If so, it looks like it should be possible to run a model with nested random effects, but it would require being able to calculate and provide the variance components (vc_formula) and variance structure (re_formula). The first example at the bottom of the page referenced above would be representative of the analysis I am trying to accomplish. In my case, "species" would be equivalent to "school (the grouping factor)" and "individual" would be equivalent to "classroom." Would something like this be possible with the Gneiss plugin? From what I can tell you can pass a grouping factor, but I don't see options to set the variance components or structure. Please let me know if you think there is a way to do this. I am assuming that this information might be helpful to others as well since I would expect nested random effects models would be pretty common, but if this is becoming too specific to my situation to be useful for others let me know--I know you are super busy!! Thanks, I appreciate they great support on this forum.Gniess_lower_summary_nested2_indivrecode.qzv (1.4 MB)
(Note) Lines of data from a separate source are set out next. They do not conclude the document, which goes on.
(* Let $R=\bigoplus_{\alpha\in\Gamma}R_{\alpha}$ be an integrally closed graded integral domain. Then $R$ is a graded-Prüfer domain if and only if every nonzero finitely generated homogeneous ideal of $R$ is a $v$-ideal.
   Context: $\Gamma$ is a commutative cancellative monoid (written additively) whose quotient group $\langle\Gamma\rangle$ is torsion-free. A graded integral domain $R=\bigoplus_{\alpha\in\Gamma}R_\alpha$ is an integral domain that is the direct sum of additive subgroups $R_\alpha$ with $R_\alpha R_\beta\subseteq R_{\alpha+\beta}$, with quotient field $K$. An ideal $I$ is homogeneous if $I=\bigoplus_\alpha(I\cap R_\alpha)$. $R$ is a graded-Prüfer domain if every nonzero finitely generated homogeneous ideal of $R$ is invertible. An ideal $I$ is a $v$-ideal if $I=(R:(R:I))$, where $(R:E)=\{x\in K: xE\subseteq R\}$. *)

From HB Require Import structures.
From mathcomp Require Import all_boot all_order all_algebra.
From mathcomp Require Import fraction.
Set Implicit Arguments. Unset Strict Implicit. Unset Printing Implicit Defensive.
Import Order.TTheory GRing.Theory Num.Theory.
Local Open Scope ring_scope.

(* We require it to be
   cancellative and its quotient group <Gamma> to be torsion-free; for a
   cancellative monoid, <Gamma> is torsion-free iff n*a = n*b (n>0) forces a = b
   (the element a - b of <Gamma> has n(a-b) = 0). *)
Definition cancellative_monoid (G : nmodType) : Prop :=
  forall a b c : G, a + b = a + c -> b = c.

Definition torsionfree_quotient_group (G : nmodType) : Prop :=
  forall (n : nat) (a b : G), (0 < n)%N -> a *+ n = b *+ n -> a = b.

(* Rg a x  means  x \in R_a. *)
Definition is_grading (G : nmodType) (R : idomainType) (Rg : G -> R -> Prop) : Prop :=
  [/\
      (forall a, Rg a 0),
      (forall a x y, Rg a x -> Rg a y -> Rg a (x - y)),
      (forall a b x y, Rg a x -> Rg b y -> Rg (a + b) (x * y)),
      (forall x : R, exists (s : seq G) (f : G -> R),
          uniq s /\ (forall a, Rg a (f a)) /\ x = \sum_(a <- s) f a) &
      (forall (s : seq G) (f : G -> R), uniq s -> (forall a, Rg a (f a)) ->
          \sum_(a <- s) f a = 0 -> forall a, a \in s -> f a = 0)].

Definition is_ideal (R : idomainType) (I : R -> Prop) : Prop :=
  [/\ I 0, (forall x y, I x -> I y -> I (x + y)) & (forall r x, I x -> I (r * x))].

Definition nonzero_ideal (R : idomainType) (I : R -> Prop) : Prop :=
  exists x, I x /\ x != 0.

Definition generated_by (R : idomainType) (I : R -> Prop) (s : seq R) : Prop :=
  forall x, I x <-> exists c : 'I_(size s) -> R, x = \sum_(i < size s) c i * s`_i.

Definition finitely_generated (R : idomainType) (I : R -> Prop) : Prop :=
  exists s : seq R, generated_by I s.

(* I = (+)_a (I \cap R_a): every homogeneous component of an element of I lies in I *)
Definition homogeneous_ideal (G : nmodType) (R : idomainType) (Rg : G -> R -> Prop)
  (I : R -> Prop) : Prop :=
  is_ideal I /\
  forall (x : R) (s : seq G) (f : G -> R), I x -> uniq s -> (forall a, Rg a (f a)) ->
    x = \sum_(a <- s) f a -> forall a, a \in s -> I (f a).

Notation "x %:F" := (@FracField.tofrac _ x) : ring_scope.

Definition inR (R : idomainType) (x : {fraction R}) : Prop := exists r : R, x = r%:F.

Definition idealK (R : idomainType) (I : R -> Prop) : {fraction R} -> Prop :=
  fun x => exists r, I r /\ x = r%:F.

Definition colon (R : idomainType) (E : {fraction R} -> Prop) : {fraction R} -> Prop :=
  fun x => forall y, E y -> inR (x * y).

Definition Rsubmodule (R : idomainType) (J : {fraction R} -> Prop) : Prop :=
  [/\ J 0, (forall x y, J x -> J y -> J (x + y)) & (forall r x, J x -> J (r%:F * x))].

Definition prodK (R : idomainType) (E F : {fraction R} -> Prop) : {fraction R} -> Prop :=
  fun z => exists (n : nat) (e f : 'I_n -> {fraction R}),
    (forall i, E (e i)) /\ (forall i, F (f i)) /\ z = \sum_(i < n) e i * f i.

Definition invertible (R : idomainType) (I : R -> Prop) : Prop :=
  exists J : {fraction R} -> Prop, Rsubmodule J /\
    forall z, prodK (idealK I) J z <-> inR z.

Definition v_ideal (R : idomainType) (I : R -> Prop) : Prop :=
  forall z, idealK I z <-> colon (colon (idealK I)) z.

Definition graded_Prufer (G : nmodType) (R : idomainType) (Rg : G -> R -> Prop) : Prop :=
  forall I : R -> Prop, homogeneous_ideal Rg I -> nonzero_ideal I ->
    finitely_generated I -> invertible I.

Definition integrally_closed (R : idomainType) : Prop :=
  forall (x : {fraction R}) (p : {poly R}), p \is monic ->
    root (map_poly (fun r : R => r%:F) p) x -> inR x.

(* An invertible ideal is a v-ideal in any domain.  Conversely, let a, b be nonzero
   homogeneous elements.  For y in (R : (a^2, b^2)) we have (yab)^2 = (ya^2)(yb^2) in R,
   so yab is integral over R, hence in R; thus ab lies in the v-closure of the
   homogeneous ideal (a^2, b^2), which by hypothesis is (a^2, b^2) itself.  Writing
   ab = r a^2 + s b^2, the element y = ra/b is a root of X^2 - X + rs, so y and
   sb/a = 1 - y lie in R, and r/b, s/a form a dual basis of (a, b): their products
   with a and b lie in R and (r/b) a + (s/a) b = 1.  Dual bases of pairs combine, by
   induction on the number of generators, into a dual basis of any nonzero ideal
   generated by finitely many homogeneous elements, which makes it invertible; and a
   finitely generated homogeneous ideal is generated by the homogeneous components of
   its generators. *)

From mathcomp Require Import all_boot all_order all_algebra.
From mathcomp Require Import fraction ring.
Set Implicit Arguments. Unset Strict Implicit. Unset Printing Implicit Defensive.
Import Order.TTheory GRing.Theory Num.Theory.
Local Open Scope ring_scope.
mortonjt · January 16, 2018, 6:01am

Hi @jmb, currently the option to specify variance components within linear mixed effects models does not exist (mainly because we haven't had a use case for it before).

But you can definitely get started on this without the official gneiss commands. It'll boil down to unpacking the balances, and running the MixedLM model on each balance (this is essentially what is going on within Gneiss underneath the hood). This will allow you to specify the vcf_formula for each equation.

jmb · January 17, 2018, 9:25pm

Thanks for the suggestion! For anyone interested I ended up just exporting the balances as suggested and analyzing the data using lme4/lmeTest packages in R and everything worked well.

system · February 18, 2018, 3:35am

This topic was automatically closed 31 days after the last reply. New replies are no longer allowed.